## [AIM OF THE EXERCISE]
The entries below contain a stretch that opens with the line containing "Definition ones_col : 'M[algC]_(k, 1)" and closes with the line containing "by rewrite card_pairs_through card_ord."; set down that stretch exactly, both ends included, and nothing else.

## [SUPPLIED INFORMATION]
──────────

Lemma sum_pairs_indicator (P : pred {set 'I_k}) :
  \sum_(S : Pairs) (P (val S))%:R =
    #|[pred S : {set 'I_k} | (#|S| == 2) && P S]|%:R :> algC.
Proof. by rewrite sum_indicator -card_pairs_pred. Qed.

Lemma card_pair_compl (U : {set 'I_k}) : #|U| = 2%N -> #|~: U| = t.+1.
Proof. by move=> U2; have := cardsC U; rewrite U2 card_ord; lia. Qed.

(* Eigenvalue 1.  The rows e_{b_S} satisfy e_{b_S} A = e_{b_S} + sum over
   i \in S of z_i, for fixed rows z_i; so combinations of them orthogonal
   to the k columns of the incidence matrix are 1-eigenvectors. *)
Definition pair_of (s : 'I_#|Pairs|) : Pairs := enum_val s.
Definition pair_rows := vertex_rows (fun s (y : V) => (y == inr (pair_of s))%:R).
Definition pair_incidence : 'M[algC]_(#|Pairs|, k) :=
  \matrix_(s, i) (i \in val (pair_of s))%:R.
Definition pair_defect := vertex_rows (fun (i : 'I_k) (y : V) =>
  match y with inl j => (i == j)%:R | inr U => 2^-1 - (i \in val U)%:R end).

(* For b_U, the neighbourhood sum of e_(b_S) is [S, U disjoint], which equals
   [S = U] + 1 - #|S :&: U| = [S = U] + sum over i in S of (1/2 - [i \in U]). *)
Lemma pair_rows_mulA : pair_rows *m A = 1 *: pair_rows + pair_incidence *m pair_defect.
Proof.
rewrite scale1r /pair_rows vertex_rows_mulA; apply/matrixP => s j.
rewrite !mxE sum_delta; under [X in _ = _ + X]eq_bigr do rewrite !mxE.
move: (enum_val j) (pair_of s) => y S; case: y => [j'|U] /=.
  by rewrite add0r; under eq_bigr do rewrite mulrC; rewrite sum_delta.
under eq_bigr do rewrite mulrBr -natrM mulnb.
rewrite sumrB -mulr_suml sum_indicator sum_indicator.
have disjE := congr1 (fun n => n%:R : algC)
  (disjoint_pairs (eqP (valP S)) (eqP (valP U))).
rewrite /= !natrD in disjE.
rewrite (_ : #|[pred i | (i \in val S) && (i \in val U)]| = #|val S :&: val U|);
  last by apply: eq_card => i; rewrite !inE.
rewrite (_ : #|[pred i | i \in val S]| = 2%N); last exact: (eqP (valP S)).
rewrite (_ : (inr U == inr S :> V) = (val S == val U)); last by rewrite eq_sym.
rewrite -(addrK #|val S :&: val U|%:R [disjoint _ & _]%:R) disjE.
by rewrite divff ?pnatr_eq0 //; ring.
Qed.

Lemma pair_rows_free : row_free pair_rows.
Proof.
apply/row_freeP; exists (\matrix_(j, s) (enum_val j == inr (pair_of s))%:R).
apply/matrixP => s s'; rewrite !mxE; under eq_bigr do rewrite !mxE.
rewrite (sum_vertices (fun x => (x == inr (pair_of s))%:R * (x == inr (pair_of s'))%:R)).
rewrite sum_delta (_ : (inr _ == inr _ :> V) = (pair_of s == pair_of s')) //.
by rewrite (inj_eq enum_val_inj).
Qed.

Lemma rank_eigenspace_one : ('C(k, 2) - k <= \rank (eigenspace A 1))%N.
Proof.
have := rank_eigenspace_from_relation pair_rows_free pair_rows_mulA.
by rewrite card_two_subsets card_ord.
Qed.

(* Eigenvalues r with r^2 + (k - 2) r = 1.  The "star" row of i is
   e_{a_i} + g * sum_{S \ni i} e_{b_S}; for suitable g, A moves it to
   r times itself plus a row independent of i, so combinations of stars
   with zero coefficient sum are r-eigenvectors. *)
Definition star_row (g : algC) (i : 'I_k) (y : V) : algC :=
  match y with inl j => (i == j)%:R | inr U => g * (i \in val U)%:R end.
Definition star_rows g := vertex_rows (star_row g).
Definition ones_col : 'M[algC]_(k, 1) := const_mx 1.
Definition star_defect (g : algC) := vertex_rows (fun (_ : 'I_1) (y : V) =>
  match y with inl _ => 1 + g | inr _ => g * t%:R end).

Lemma star_row_at_a g i j :
  \sum_(x : V) star_row g i x * (W_adj x (inl j))%:R
    = (i != j)%:R + g * (if i == j then t.+2 else 1%N)%:R.
Proof.
rewrite sum_vertices_split /=; under eq_bigr do rewrite eq_sym.
rewrite sum_delta; under eq_bigr do rewrite -mulrA -natrM mulnb.
rewrite -mulr_sumr (sum_pairs_indicator (fun S => (i \in S) && (j \in S))) eq_sym.
congr (_ + g * _%:R).
have [<-|ij] := eqVneq i j.
  transitivity #|[pred S : {set 'I_k} | (#|S| == 2) && (i \in S)]|.
    by apply: eq_card => S; rewrite !inE andbb.
  by rewrite card_pairs_through card_ord.
by rewrite -[RHS](card_pairs_through2 ij); apply: eq_card => S; rewrite !inE andbA.
Qed.

Lemma star_row_at_b g i (U : Pairs) :
  \sum_(x : V) star_row g i x * (W_adj x (inr U))%:R
    = (i \in val U)%:R + g * (if i \in val U then 0%N else t)%:R.
Proof.
rewrite sum_vertices_split /=; under eq_bigr do rewrite eq_sym.
rewrite sum_delta; under eq_bigr do rewrite -mulrA -natrM mulnb.
rewrite -mulr_sumr (sum_pairs_indicator (fun S => (i \in S) && [disjoint S & val U])).
congr (_ + g * _%:R).
have [iU|iNU] := boolP (i \in val U).
  apply: eq_card0 => S; rewrite !inE; apply/negP => /and3P [_ iS].
  by rewrite disjoints_subset => /subsetP /(_ i iS); rewrite !inE iU.
transitivity #|[pred S : {set 'I_k} | (#|S| == 2) && (i \in S) && [disjoint S & val U]]|.
  by apply: eq_card => S; rewrite !inE andbA.
rewrite card_pairs_through_avoiding //.
have := cardsC (i |: val U); rewrite cardsU1 iNU (eqP (valP U)) card_ord.
by move=> /eqP; rewrite -[t.+3]/(3 + t)%N eqn_add2l => /eqP.
Qed.

(* The two conditions on g are the eigen-equations at a_i and at the b_S
   containing i. *)
Lemma star_rows_mulA (l g : algC) : g * (t.+1)%:R = l + 1 -> g * (l + t%:R) = 1 ->
  star_rows g *m A = l *: star_rows g + ones_col *m star_defect g.
Proof.
move=> g_a g_b; rewrite /star_rows vertex_rows_mulA; apply/matrixP => i j.
rewrite !mxE big_ord1 !mxE; case: (enum_val j) => [j'|U] /=.
  rewrite star_row_at_a; case: (i == j') => /=; last by ring.
  by rewrite -natr1 mulrDr g_a; ring.
rewrite star_row_at_b; case: (i \in val U) => /=; last by ring.
by rewrite mulr0 addr0 mulr1 -{1}g_b; ring.
Qed.

(* The star of i restricted to the a-vertices is e_(a_i); so the stars are
   independent. *)
Lemma star_rows_free g : row_free (star_rows g).
Proof.
apply/row_freeP; exists (\matrix_(j, i) (enum_val j == inl i)%:R).
apply/matrixP => i i'; rewrite !mxE; under eq_bigr do rewrite !mxE.
rewrite (sum_vertices (fun x => star_row g i x * (x == inl i')%:R)).
by under eq_bigr do rewrite mulrC; rewrite sum_delta.
Qed.

(* Each root of X^2 + (k - 2) X - 1 has multiplicity at least k - 1, taking
   g = (l + 1) / (k - 2). *)
Lemma rank_eigenspace_star (l : algC) : l ^+ 2 + (t.+1)%:R * l = 1 ->
  (t.+2 <= \rank (eigenspace A l))%N.
Proof.
move=> l_root; pose g := (l + 1) / (t.+1)%:R.
have a_neq0 : (t.+1)%:R != 0 :> algC by rewrite pnatr_eq0.
have g_a : g * (t.+1)%:R = l + 1 by rewrite divfK.
have g_b : g * (l + t%:R) = 1.
  apply: (mulIf a_neq0); rewrite mul1r mulrAC g_a.
  have -> : (l + 1) * (l + t%:R) = l ^+ 2 + (t.+1)%:R * l + t%:R.
    by rewrite -natr1; ring.
  by rewrite l_root nat1r.
have := rank_eigenspace_from_relation (star_rows_free g) (star_rows_mulA g_a g_b).
by rewrite subn1.
Qed.

(* Eigenvalues s with s^2 - (k - 1 + c) s + (k - 1)(c - 2) = 0, where
   c = 'C(k - 2, 2): the vector equal to 1 on every a_i and to b on every
   b_S is an eigenvector for a suitable b. *)
Definition level_vector (b : algC) := vertex_rows (fun (_ : 'I_1) (y : V) =>
  match y with inl _ => 1 | inr _ => b end).

(* The two conditions are the eigen-equations at the a_i and at the b_S. *)
Lemma level_vector_mulA (s b : algC) : (1 + b) * (t.+2)%:R = s ->
  2 + b * ('C(t.+1, 2))%:R = s * b -> level_vector b *m A = s *: level_vector b.
Proof.
move=> s_a s_b; rewrite /level_vector vertex_rows_mulA; apply/matrixP => i j.
rewrite !mxE; case: (enum_val j) => [j'|U] /=; rewrite sum_vertices_split /=.
  under eq_bigr do rewrite mul1r.
  rewrite -mulr_sumr sum_indicator (sum_pairs_indicator (fun S => j' \in S)) mulr1.
  rewrite (_ : #|[pred i : 'I_k | i != j']| = t.+2); last by rewrite cardC1 card_ord.
  by rewrite card_pairs_through card_ord -s_a /=; ring.
under eq_bigr do rewrite mul1r.
rewrite -mulr_sumr sum_indicator (sum_pairs_indicator (fun S => [disjoint S & val U])).
by rewrite card_pairs_avoiding card_pair_compl ?(eqP (valP U)) // -s_b.
Qed.

(* Each root of X^2 - (k - 1 + c) X + (k - 1)(c - 2) is an eigenvalue,
   taking b = s / (k - 1) - 1. *)
Lemma rank_eigenspace_level (s : algC) (c := 'C(t.+1, 2)) :
  s ^+ 2 - ((t.+2)%:R + c%:R) * s + (t.+2)%:R * (c%:R - 2) = 0 ->
  (1 <= \rank (eigenspace A s))%N.
Proof.
move=> s_root; set u := (t.+2)%:R : algC.
have u_neq0 : u != 0 by rewrite pnatr_eq0.
have [b s_a] : exists b, (1 + b) * u = s.
  by exists (s / u - 1); rewrite addrC subrK divfK.
have s_b : 2 + b * c%:R = s * b.
  apply: (mulIf u_neq0); apply/eqP; rewrite -subr_eq0 -oppr_eq0 -s_root -s_a.
  by apply/eqP; ring.
have /eigenspaceP ev_sub := level_vector_mulA s_a s_b.
apply: leq_trans (mxrankS ev_sub); rewrite lt0n mxrank_eq0.
apply/eqP => /matrixP /(_ 0 (enum_rank (inl ord0 : V))).
by rewrite !mxE enum_rankK => /eqP; rewrite oner_eq0.
Qed.

End WEigenvectors.

(* Elementary inequalities on the coefficients of X^2 - B X + P, where
   B = (t + 2) + c and P = (t + 2)(c - 2), for c >= 3: the discriminant is
   positive (AM-GM), B <= (t + 1) P, and 1 is not a root. *)
Lemma level_disc_gt0 (u c : nat) : (0 < u)%N -> (3 <= c)%N ->
  (4 * (u * (c - 2)) < (u + c) ^ 2)%N.
Proof.
move=> u_gt0 c_ge3; apply: leq_trans (nat_AGM2 _ _).
by rewrite ltn_pmul2l // ltn_pmul2l // ltn_subrL; case: c c_ge3.
Qed.

Lemma level_coef_le (t c : nat) : (2 <= t)%N -> (3 <= c)%N ->
  (t.+2 + c <= t.+1 * (t.+2 * (c - 2)))%N.
Proof.
move=> t_ge2; case: c => [|[|d]] // d_ge1; rewrite !subSS subn0.
by rewrite [(t.+1 * _)%N]mulnC; nia.
Qed.

Lemma level_one_not_root (t c : nat) : (2 <= t)%N -> (3 <= c)%N ->
  (1 + t.+2 * (c - 2) != t.+2 + c)%N.
Proof.
move=> t_ge2; case: c => [|[|[|d]]] // _; rewrite !subSS subn0.
by apply/eqP; case: d => [|d]; nia.
Qed.

Section WSpectrum.
Variable t : nat.
Hypothesis t_ge2 : (2 <= t)%N.
Local Notation k := t.+3.
Local Notation A := (W_adjmx k).

(* The numerical data: c = 'C(k - 2, 2) two-subsets avoid a given one, and
   the level eigenvalues are the roots of X^2 - B X + P. *)
Let c := 'C(t.+1, 2).
Let B := (t.+2 + c)%N.
Let P := (t.+2 * (c - 2))%N.

Lemma c_ge3 : (3 <= c)%N.
Proof. exact: (leq_bin2l 2 (t_ge2 : (3 <= t.+1)%N)). Qed.

Lemma B_gt0 : (0 < B)%N. Proof. by rewrite addn_gt0. Qed.
Lemma P_gt0 : (0 < P)%N. Proof. by rewrite muln_gt0 subn_gt0 c_ge3. Qed.

Definition r_neg := qroot_lo (- (t.+1)%:R) (-1).
Definition r_pos := qroot_hi (- (t.+1)%:R) (-1).
Definition s_lo := qroot_lo B%:R P%:R.
Definition s_hi := qroot_hi B%:R P%:R.

(* Signs: r_neg < 0 < r_pos since their product is -1, and
   0 < s_lo < s_hi since P > 0, B > 0 and B^2 > 4 P. *)
Lemma r_signs : r_neg < 0 < r_pos.
Proof. by apply: qroot_signs_opposite; rewrite ?rpredN ?realn ?ltrN10. Qed.

Lemma s_signs : 0 < s_lo < s_hi.
Proof.
apply: qroot_pos_distinct; rewrite ?ltr0n ?B_gt0 ?P_gt0 //.
by rewrite -natrX -natrM subr_gt0 ltr_nat level_disc_gt0 ?c_ge3.
Qed.

Lemma star_root (x : algC) :
  x ^+ 2 - (- (t.+1)%:R) * x + -1 = 0 -> x ^+ 2 + (t.+1)%:R * x = 1.
Proof. by move=> x_root; apply/eqP; rewrite -subr_eq0 -x_root; apply/eqP; ring. Qed.

Lemma level_root (x : algC) : x ^+ 2 - B%:R * x + P%:R = 0 ->
  x ^+ 2 - ((t.+2)%:R + c%:R) * x + (t.+2)%:R * (c%:R - 2) = 0.
Proof. by rewrite /B /P natrD natrM natrB // ltnW ?c_ge3. Qed.

(* The positive root r_pos is below 1 / (k - 2), while s_lo is above
   P / B >= 1 / (k - 2); in particular r_pos < 1 and r_pos < s_lo. *)
Lemma r_pos_scaled : r_pos * (t.+1)%:R < 1.
Proof.
have root : r_pos ^+ 2 + (t.+1)%:R * r_pos = 1 by apply/star_root/qroot_hi_root.
rewrite mulrC -{2}root ltrDr exprn_gt0 //.
by case/andP: r_signs.
Qed.

Lemma r_pos_lt1 : r_pos < 1.
Proof.
apply: le_lt_trans r_pos_scaled; rewrite ler_peMr ?ler1n //.
by case/andP: r_signs => _ /ltW.
Qed.

Lemma r_pos_lt_s_lo : r_pos < s_lo.
Proof.
have [s_lo_gt0 _] := andP s_signs.
have a_gt0 : 0 < (t.+1)%:R :> algC by rewrite ltr0n.
have B_pos : 0 < B%:R :> algC by rewrite ltr0n B_gt0.
have s_hi_lt : s_hi < B%:R by rewrite -(qroot_add B%:R P%:R) ltrDr.
have P_lt : P%:R < s_lo * B%:R by rewrite -(qroot_mul B%:R P%:R) ltr_pM2l.
rewrite -(ltr_pM2r (mulr_gt0 a_gt0 B_pos)).
apply: (@lt_le_trans _ _ B%:R).
  by rewrite mulrA -[X in _ < X]mul1r ltr_pM2r // r_pos_scaled.
apply: (@le_trans _ _ ((t.+1)%:R * P%:R)).
  by rewrite -natrM ler_nat level_coef_le ?c_ge3.
by rewrite mulrCA ler_pM2l // ltW.
Qed.

Lemma level_root_neq1 (x : algC) : x ^+ 2 - B%:R * x + P%:R = 0 -> x != 1.
Proof.
move=> x_root; apply: contraTneq (level_one_not_root t_ge2 c_ge3) => x1.
move: x_root; rewrite x1 expr1n mulr1 negbK -(eqr_nat algC) natrD => one_root.
by rewrite -subr_eq0 -one_root addrAC.
Qed.

(* The eigenvalues are pairwise distinct: r_neg < r_pos < s_lo < s_hi, and
   1 differs from each of them. *)
Lemma eigenvalues_uniq : uniq [:: 1; r_neg; r_pos; s_lo; s_hi].
Proof.
have [r_neg_lt0 r_pos_gt0] := andP r_signs.
have [s_lo_gt0 s_lo_lt] := andP s_signs.
rewrite cons_uniq (sorted_uniq lt_trans ltxx); last first.
  by rewrite /= r_pos_lt_s_lo s_lo_lt (lt_trans r_neg_lt0 r_pos_gt0).
rewrite !inE andbT !negb_or !(eq_sym 1).
rewrite (lt_eqF (lt_trans r_neg_lt0 ltr01)) (lt_eqF r_pos_lt1).
by rewrite !level_root_neq1 ?qroot_lo_root ?qroot_hi_root.
Qed.

Definition W_eigenvalue (i : 'I_5) : algC := [:: 1; r_neg; r_pos; s_lo; s_hi]`_i.
Definition W_multiplicity (i : 'I_5) : nat :=
  nth 0%N [:: 'C(k, 2) - k; k.-1; k.-1; 1; 1]%N i.

Lemma W_eigenvalue_inj : injective W_eigenvalue.
Proof.
move=> i j /eqP; rewrite /W_eigenvalue nth_uniq ?eigenvalues_uniq //.
by move=> /eqP; apply: val_inj.
Qed.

──────────

## [RESULT OF THIS TASK]
Definition ones_col : 'M[algC]_(k, 1) := const_mx 1.
Definition star_defect (g : algC) := vertex_rows (fun (_ : 'I_1) (y : V) =>
  match y with inl _ => 1 + g | inr _ => g * t%:R end).

Lemma star_row_at_a g i j :
  \sum_(x : V) star_row g i x * (W_adj x (inl j))%:R
    = (i != j)%:R + g * (if i == j then t.+2 else 1%N)%:R.
Proof.
rewrite sum_vertices_split /=; under eq_bigr do rewrite eq_sym.
rewrite sum_delta; under eq_bigr do rewrite -mulrA -natrM mulnb.
rewrite -mulr_sumr (sum_pairs_indicator (fun S => (i \in S) && (j \in S))) eq_sym.
congr (_ + g * _%:R).
have [<-|ij] := eqVneq i j.
  transitivity #|[pred S : {set 'I_k} | (#|S| == 2) && (i \in S)]|.
    by apply: eq_card => S; rewrite !inE andbb.
  by rewrite card_pairs_through card_ord.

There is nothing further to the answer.